START Task inputs
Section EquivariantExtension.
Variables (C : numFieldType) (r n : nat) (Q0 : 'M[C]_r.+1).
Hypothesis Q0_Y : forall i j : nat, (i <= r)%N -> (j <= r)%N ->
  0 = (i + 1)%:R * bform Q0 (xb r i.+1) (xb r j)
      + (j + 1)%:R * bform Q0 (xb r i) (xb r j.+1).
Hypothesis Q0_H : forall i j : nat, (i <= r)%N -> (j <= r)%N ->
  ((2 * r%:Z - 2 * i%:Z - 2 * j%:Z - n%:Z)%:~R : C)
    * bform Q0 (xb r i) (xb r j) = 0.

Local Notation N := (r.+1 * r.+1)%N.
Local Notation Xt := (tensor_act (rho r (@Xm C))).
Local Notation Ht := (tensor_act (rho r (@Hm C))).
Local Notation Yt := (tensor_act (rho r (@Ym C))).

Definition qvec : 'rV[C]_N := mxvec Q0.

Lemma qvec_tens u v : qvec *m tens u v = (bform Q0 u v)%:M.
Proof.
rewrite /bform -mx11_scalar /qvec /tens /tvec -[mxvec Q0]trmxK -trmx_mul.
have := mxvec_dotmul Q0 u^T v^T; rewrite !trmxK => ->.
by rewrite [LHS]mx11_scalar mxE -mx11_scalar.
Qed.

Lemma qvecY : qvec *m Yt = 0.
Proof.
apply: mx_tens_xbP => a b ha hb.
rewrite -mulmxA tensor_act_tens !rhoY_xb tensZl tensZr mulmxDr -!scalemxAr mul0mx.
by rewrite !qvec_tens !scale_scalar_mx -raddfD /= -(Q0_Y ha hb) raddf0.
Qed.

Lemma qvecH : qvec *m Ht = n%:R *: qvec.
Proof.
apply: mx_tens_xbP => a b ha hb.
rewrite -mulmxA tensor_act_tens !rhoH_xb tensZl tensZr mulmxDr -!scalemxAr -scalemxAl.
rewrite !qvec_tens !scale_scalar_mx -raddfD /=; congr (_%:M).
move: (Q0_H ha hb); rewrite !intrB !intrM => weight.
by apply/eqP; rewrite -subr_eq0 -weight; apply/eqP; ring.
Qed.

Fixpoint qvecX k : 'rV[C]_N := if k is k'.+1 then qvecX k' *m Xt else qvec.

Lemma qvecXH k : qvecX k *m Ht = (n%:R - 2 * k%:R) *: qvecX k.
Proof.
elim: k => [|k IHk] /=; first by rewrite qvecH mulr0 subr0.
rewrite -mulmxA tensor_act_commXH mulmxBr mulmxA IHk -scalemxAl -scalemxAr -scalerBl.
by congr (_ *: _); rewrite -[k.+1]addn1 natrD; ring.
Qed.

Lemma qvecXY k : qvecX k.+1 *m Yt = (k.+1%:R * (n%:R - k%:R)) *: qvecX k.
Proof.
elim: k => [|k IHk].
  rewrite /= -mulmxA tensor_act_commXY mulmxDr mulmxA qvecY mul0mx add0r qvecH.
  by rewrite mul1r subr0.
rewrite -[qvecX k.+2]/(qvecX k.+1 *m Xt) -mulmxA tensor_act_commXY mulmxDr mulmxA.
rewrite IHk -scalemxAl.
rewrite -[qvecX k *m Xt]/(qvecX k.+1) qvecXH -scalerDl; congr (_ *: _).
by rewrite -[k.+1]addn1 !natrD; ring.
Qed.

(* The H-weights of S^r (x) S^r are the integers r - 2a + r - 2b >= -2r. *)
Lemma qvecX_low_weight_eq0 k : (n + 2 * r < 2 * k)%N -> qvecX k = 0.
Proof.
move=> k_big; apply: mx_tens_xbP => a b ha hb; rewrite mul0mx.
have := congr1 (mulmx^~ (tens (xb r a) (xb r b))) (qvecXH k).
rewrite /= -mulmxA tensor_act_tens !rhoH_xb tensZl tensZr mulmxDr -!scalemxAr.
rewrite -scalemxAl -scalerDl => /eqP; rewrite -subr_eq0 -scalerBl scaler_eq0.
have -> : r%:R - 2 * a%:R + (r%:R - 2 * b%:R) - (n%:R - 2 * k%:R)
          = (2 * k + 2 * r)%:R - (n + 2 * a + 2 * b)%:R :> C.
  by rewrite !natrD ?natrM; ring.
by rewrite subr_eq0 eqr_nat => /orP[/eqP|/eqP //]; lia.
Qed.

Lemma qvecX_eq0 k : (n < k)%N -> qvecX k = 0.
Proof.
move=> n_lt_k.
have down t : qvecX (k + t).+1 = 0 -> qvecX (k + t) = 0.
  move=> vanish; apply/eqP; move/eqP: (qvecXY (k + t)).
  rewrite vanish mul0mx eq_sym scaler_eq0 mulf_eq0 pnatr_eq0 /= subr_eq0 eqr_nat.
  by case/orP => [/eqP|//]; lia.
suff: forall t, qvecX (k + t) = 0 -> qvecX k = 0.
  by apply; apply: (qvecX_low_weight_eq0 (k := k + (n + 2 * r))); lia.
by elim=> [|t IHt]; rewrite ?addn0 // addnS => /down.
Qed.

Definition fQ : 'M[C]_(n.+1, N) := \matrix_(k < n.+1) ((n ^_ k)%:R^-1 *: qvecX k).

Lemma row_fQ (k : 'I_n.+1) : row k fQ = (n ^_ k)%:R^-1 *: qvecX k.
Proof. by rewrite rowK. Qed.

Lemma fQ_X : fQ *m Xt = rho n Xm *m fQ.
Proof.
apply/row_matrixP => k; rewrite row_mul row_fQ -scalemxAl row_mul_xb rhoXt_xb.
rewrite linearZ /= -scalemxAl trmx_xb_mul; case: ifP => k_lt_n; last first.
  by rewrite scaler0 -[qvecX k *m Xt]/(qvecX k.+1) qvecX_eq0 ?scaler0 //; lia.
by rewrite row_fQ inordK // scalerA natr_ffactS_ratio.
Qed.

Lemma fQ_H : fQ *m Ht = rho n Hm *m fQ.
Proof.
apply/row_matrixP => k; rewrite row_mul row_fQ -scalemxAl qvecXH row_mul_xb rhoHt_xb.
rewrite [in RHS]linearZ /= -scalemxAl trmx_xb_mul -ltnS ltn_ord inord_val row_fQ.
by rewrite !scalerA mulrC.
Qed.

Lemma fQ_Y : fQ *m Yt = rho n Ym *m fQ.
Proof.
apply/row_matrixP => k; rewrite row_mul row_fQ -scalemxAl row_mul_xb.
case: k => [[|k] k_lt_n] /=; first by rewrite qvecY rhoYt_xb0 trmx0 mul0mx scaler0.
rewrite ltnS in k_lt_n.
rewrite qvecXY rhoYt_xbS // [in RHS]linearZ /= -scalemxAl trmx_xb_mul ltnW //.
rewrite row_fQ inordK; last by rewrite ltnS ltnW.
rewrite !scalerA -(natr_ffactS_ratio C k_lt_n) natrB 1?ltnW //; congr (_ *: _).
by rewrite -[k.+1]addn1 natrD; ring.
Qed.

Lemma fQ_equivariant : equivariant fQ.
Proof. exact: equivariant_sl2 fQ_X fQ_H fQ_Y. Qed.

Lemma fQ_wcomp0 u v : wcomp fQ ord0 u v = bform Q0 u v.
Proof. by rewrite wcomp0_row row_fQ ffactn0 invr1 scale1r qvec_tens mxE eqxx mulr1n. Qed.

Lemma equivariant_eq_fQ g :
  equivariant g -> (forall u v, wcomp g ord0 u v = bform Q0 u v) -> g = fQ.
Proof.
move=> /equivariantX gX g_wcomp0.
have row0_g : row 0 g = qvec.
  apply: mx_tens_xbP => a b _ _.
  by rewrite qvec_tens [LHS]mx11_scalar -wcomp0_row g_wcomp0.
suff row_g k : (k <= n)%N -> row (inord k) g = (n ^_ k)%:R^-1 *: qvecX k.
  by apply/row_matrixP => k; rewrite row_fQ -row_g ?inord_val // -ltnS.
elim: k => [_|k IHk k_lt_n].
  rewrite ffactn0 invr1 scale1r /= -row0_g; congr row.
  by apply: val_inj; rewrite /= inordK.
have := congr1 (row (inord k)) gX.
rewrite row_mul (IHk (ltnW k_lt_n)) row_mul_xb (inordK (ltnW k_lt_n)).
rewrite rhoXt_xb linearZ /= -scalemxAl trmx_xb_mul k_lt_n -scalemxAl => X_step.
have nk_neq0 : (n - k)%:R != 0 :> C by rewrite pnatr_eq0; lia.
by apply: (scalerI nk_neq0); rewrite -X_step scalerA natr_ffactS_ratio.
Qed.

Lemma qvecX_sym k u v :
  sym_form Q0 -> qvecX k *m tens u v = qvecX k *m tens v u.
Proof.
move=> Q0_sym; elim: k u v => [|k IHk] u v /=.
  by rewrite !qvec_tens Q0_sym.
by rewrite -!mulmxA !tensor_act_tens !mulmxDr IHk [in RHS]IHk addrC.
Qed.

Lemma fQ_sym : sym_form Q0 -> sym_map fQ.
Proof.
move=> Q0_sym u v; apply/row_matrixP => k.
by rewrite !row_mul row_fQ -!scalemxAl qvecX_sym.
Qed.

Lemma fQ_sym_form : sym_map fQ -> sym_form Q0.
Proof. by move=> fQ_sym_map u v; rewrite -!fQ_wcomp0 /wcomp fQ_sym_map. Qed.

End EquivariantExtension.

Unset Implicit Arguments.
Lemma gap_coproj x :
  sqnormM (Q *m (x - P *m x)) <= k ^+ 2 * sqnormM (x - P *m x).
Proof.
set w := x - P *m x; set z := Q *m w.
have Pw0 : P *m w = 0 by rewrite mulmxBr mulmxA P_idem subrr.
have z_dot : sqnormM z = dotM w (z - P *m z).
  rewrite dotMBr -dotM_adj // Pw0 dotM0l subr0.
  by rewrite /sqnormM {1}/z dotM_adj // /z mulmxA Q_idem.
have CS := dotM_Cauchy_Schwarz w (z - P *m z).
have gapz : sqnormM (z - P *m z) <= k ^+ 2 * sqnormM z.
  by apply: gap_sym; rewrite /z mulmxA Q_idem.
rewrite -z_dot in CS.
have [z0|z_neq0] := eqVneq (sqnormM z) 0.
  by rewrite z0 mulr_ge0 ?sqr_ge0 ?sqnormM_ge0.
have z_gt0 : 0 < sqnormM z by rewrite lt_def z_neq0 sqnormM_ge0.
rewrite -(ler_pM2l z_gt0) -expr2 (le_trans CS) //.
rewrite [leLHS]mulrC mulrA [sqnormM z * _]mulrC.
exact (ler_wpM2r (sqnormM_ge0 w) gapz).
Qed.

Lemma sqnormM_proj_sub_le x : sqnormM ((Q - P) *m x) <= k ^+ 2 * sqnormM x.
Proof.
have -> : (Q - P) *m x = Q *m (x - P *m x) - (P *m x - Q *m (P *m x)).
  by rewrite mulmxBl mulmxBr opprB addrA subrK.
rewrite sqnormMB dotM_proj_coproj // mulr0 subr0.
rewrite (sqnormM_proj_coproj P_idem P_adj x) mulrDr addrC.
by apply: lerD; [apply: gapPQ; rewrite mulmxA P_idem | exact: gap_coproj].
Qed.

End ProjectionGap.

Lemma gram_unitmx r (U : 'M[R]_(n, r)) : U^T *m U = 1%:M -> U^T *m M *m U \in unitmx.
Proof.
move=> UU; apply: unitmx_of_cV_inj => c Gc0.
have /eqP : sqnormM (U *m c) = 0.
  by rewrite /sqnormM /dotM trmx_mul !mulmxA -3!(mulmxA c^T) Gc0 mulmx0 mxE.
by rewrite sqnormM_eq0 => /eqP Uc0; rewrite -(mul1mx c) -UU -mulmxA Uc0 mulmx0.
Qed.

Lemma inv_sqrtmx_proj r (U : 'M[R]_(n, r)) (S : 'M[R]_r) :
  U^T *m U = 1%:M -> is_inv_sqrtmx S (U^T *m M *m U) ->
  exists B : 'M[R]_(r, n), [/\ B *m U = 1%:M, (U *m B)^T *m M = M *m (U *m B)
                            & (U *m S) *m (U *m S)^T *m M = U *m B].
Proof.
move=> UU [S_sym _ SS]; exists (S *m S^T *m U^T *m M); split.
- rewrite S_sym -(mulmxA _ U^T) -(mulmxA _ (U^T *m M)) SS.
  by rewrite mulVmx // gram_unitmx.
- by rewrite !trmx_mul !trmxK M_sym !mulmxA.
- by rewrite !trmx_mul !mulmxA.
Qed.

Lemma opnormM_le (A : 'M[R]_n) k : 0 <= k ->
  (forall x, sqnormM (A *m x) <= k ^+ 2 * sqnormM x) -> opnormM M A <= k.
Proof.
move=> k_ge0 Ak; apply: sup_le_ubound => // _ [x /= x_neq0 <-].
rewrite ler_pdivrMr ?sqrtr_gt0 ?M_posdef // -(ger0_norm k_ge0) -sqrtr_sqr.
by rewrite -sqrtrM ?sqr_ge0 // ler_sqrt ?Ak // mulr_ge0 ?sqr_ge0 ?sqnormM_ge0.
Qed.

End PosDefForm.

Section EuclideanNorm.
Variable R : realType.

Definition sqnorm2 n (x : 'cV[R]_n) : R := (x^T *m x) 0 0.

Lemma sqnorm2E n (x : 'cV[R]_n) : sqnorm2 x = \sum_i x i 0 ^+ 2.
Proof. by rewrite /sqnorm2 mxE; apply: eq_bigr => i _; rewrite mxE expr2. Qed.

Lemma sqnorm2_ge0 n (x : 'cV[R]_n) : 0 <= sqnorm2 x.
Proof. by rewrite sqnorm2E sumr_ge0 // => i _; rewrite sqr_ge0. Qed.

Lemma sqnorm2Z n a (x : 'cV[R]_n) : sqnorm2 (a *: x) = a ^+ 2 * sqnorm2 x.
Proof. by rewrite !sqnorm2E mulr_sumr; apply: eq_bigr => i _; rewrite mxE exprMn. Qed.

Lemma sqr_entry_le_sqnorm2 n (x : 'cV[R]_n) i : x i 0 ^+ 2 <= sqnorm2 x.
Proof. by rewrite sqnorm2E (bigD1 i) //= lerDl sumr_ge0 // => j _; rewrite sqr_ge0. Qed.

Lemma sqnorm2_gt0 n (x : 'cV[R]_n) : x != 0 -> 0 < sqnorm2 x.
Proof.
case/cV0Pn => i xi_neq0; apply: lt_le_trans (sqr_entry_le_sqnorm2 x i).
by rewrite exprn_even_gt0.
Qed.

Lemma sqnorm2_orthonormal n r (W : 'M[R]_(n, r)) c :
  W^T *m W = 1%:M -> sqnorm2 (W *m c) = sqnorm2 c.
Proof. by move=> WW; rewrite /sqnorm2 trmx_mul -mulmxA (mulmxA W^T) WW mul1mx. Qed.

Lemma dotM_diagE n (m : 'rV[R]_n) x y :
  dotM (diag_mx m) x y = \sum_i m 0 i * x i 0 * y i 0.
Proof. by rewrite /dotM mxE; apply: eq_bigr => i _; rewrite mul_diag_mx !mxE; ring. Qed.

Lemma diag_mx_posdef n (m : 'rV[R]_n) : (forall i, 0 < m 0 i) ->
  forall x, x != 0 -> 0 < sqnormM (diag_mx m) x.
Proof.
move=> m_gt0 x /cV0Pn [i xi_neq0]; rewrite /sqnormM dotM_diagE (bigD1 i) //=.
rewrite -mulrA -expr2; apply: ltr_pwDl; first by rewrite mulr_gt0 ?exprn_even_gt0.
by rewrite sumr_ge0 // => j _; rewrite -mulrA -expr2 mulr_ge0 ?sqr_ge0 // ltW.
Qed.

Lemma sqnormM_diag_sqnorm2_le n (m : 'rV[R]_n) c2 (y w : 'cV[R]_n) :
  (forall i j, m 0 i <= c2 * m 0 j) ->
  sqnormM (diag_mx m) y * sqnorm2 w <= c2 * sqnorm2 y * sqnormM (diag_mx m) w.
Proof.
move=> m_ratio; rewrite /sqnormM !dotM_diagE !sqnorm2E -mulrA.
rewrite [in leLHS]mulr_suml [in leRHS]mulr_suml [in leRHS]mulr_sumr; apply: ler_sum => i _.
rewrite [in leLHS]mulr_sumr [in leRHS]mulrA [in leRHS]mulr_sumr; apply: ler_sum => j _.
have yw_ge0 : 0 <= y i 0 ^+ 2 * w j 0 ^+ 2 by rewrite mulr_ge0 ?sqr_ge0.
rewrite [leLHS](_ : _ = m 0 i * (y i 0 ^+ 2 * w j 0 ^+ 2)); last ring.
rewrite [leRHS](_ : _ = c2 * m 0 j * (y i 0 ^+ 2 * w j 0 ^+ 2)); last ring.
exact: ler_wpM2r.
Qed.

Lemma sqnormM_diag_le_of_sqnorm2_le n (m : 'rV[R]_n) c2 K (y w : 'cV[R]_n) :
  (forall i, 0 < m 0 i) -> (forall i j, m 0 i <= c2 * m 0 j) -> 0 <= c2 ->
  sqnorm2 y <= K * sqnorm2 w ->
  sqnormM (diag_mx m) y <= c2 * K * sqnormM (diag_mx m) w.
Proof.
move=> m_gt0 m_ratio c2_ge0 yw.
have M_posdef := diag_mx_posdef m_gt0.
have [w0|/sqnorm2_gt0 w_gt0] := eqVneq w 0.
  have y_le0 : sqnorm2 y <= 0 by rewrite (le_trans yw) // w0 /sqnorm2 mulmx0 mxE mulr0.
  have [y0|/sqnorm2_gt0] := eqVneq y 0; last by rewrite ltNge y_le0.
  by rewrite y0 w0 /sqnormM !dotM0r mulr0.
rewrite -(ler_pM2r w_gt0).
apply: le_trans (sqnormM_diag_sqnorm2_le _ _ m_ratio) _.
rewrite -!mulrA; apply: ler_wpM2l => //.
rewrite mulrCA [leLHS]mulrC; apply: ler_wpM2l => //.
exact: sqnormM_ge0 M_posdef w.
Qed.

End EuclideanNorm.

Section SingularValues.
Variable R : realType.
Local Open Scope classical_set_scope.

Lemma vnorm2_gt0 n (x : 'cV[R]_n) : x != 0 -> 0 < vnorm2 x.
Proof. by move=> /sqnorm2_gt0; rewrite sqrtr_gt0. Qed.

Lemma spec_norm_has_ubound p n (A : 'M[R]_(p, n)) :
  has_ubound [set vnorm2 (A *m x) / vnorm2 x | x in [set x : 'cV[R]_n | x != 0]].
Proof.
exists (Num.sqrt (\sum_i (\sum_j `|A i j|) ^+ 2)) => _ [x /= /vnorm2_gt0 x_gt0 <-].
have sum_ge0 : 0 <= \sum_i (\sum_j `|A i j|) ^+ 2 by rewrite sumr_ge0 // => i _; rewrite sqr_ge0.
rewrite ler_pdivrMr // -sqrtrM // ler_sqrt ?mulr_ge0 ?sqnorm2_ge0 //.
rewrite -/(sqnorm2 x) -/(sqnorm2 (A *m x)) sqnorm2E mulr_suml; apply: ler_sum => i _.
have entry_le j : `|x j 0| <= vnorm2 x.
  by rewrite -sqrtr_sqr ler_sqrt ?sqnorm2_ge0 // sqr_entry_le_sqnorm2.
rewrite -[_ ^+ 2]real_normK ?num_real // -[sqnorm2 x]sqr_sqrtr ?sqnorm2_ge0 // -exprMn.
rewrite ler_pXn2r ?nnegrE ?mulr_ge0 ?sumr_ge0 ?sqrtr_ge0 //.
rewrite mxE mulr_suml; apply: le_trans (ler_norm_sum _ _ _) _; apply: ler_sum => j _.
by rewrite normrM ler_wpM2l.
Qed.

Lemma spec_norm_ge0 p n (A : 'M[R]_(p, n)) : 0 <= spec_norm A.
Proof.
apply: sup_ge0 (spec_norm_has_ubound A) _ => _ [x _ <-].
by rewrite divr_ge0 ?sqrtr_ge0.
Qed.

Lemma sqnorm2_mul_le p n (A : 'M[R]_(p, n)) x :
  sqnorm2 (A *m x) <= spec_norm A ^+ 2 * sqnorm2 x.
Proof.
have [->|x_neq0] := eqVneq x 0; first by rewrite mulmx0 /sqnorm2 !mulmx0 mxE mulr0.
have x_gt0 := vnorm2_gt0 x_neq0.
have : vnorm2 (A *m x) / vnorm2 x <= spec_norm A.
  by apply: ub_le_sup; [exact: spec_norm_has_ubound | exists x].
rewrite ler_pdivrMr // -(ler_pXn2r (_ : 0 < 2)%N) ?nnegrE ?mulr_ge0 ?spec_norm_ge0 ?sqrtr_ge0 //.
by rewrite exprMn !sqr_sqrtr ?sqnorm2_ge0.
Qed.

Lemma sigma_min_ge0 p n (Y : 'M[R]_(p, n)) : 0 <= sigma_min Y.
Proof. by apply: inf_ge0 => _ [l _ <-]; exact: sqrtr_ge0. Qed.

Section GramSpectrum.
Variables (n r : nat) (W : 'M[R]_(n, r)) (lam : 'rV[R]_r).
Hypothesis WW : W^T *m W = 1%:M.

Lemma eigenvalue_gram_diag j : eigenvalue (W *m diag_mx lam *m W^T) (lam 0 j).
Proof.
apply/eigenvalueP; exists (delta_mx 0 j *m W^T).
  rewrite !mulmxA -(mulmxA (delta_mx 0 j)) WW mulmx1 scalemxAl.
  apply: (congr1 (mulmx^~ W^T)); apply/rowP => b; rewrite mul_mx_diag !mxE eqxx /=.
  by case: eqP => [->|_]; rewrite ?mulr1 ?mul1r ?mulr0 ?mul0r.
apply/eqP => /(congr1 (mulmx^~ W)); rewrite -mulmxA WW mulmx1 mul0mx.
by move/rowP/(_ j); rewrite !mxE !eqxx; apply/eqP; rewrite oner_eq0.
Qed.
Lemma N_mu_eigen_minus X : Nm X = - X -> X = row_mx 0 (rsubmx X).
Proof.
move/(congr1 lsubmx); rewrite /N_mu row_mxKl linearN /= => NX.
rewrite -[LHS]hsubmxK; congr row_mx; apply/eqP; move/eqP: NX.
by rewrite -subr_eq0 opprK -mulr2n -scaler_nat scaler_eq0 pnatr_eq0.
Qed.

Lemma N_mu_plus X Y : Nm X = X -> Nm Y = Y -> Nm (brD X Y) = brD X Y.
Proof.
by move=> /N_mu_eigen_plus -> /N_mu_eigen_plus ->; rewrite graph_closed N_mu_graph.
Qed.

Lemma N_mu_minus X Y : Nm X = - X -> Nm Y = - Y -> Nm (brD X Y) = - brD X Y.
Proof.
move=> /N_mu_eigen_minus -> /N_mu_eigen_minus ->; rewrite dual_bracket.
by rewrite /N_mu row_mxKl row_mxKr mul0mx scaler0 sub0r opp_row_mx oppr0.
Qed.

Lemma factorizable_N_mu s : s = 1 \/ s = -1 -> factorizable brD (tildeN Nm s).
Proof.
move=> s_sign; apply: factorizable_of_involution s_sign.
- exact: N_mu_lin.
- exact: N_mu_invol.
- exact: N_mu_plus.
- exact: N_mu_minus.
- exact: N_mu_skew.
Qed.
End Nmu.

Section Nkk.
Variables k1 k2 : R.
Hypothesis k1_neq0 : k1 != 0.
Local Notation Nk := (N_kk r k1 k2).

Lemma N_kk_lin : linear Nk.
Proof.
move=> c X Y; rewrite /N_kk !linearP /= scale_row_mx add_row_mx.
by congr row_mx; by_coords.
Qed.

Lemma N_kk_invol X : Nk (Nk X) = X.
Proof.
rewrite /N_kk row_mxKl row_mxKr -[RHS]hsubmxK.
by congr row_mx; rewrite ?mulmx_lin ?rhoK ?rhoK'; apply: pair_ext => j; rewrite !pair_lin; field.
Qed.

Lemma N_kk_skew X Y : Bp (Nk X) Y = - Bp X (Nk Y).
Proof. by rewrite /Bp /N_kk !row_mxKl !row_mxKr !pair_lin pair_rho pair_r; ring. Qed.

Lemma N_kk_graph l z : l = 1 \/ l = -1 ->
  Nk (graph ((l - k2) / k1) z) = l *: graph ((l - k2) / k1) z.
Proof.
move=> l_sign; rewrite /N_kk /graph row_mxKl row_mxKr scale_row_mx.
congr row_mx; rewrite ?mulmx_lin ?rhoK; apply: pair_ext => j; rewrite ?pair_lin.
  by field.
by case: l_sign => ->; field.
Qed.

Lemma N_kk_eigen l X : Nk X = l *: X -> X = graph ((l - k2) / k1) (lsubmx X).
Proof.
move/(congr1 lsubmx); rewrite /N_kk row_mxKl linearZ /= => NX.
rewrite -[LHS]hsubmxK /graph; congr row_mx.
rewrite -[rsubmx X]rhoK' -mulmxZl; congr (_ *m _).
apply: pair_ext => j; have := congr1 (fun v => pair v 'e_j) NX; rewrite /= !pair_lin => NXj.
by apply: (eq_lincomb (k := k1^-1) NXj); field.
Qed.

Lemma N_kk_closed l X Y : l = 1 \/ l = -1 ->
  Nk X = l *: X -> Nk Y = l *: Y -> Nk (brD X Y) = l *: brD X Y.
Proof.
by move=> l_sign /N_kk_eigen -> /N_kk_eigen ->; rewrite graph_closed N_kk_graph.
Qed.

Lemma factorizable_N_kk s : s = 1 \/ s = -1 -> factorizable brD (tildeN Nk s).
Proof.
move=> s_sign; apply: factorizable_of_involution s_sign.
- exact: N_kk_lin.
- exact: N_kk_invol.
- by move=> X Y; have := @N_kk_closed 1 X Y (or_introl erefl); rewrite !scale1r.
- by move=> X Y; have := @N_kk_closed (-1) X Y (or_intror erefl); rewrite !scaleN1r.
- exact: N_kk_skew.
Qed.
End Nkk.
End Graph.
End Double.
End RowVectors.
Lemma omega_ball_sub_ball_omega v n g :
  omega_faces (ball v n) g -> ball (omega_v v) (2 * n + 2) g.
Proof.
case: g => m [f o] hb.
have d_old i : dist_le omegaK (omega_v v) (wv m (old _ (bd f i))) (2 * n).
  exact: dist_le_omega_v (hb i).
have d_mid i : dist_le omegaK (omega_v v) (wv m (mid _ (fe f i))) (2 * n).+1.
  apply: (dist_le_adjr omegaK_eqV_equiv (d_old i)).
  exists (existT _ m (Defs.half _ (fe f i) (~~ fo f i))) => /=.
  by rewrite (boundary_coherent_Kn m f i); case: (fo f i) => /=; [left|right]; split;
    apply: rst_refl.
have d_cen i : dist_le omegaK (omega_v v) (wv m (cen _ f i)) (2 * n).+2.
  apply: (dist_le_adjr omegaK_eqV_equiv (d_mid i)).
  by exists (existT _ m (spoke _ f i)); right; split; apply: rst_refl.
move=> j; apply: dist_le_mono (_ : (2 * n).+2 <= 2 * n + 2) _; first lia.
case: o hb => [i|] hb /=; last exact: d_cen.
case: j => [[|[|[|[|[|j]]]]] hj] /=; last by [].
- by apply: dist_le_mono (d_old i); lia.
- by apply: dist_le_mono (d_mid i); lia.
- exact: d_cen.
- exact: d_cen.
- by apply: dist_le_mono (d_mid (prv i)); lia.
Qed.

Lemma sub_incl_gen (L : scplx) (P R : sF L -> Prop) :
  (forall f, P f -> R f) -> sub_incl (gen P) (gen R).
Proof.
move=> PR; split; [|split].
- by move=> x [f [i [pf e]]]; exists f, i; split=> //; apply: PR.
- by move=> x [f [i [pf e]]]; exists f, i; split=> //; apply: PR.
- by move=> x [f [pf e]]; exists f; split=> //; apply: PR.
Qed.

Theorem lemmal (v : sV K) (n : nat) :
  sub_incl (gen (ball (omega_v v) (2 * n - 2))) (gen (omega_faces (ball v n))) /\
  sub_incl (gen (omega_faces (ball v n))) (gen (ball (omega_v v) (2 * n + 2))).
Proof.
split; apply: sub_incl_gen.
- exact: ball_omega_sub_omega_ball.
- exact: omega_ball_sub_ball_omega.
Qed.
END Task inputs
When a line among the entries contains "gapz", pull that line out.

• **Reply**
have gapz : sqnormM (z - P *m z) <= k ^+ 2 * sqnormM z.
exact (ler_wpM2r (sqnormM_ge0 w) gapz).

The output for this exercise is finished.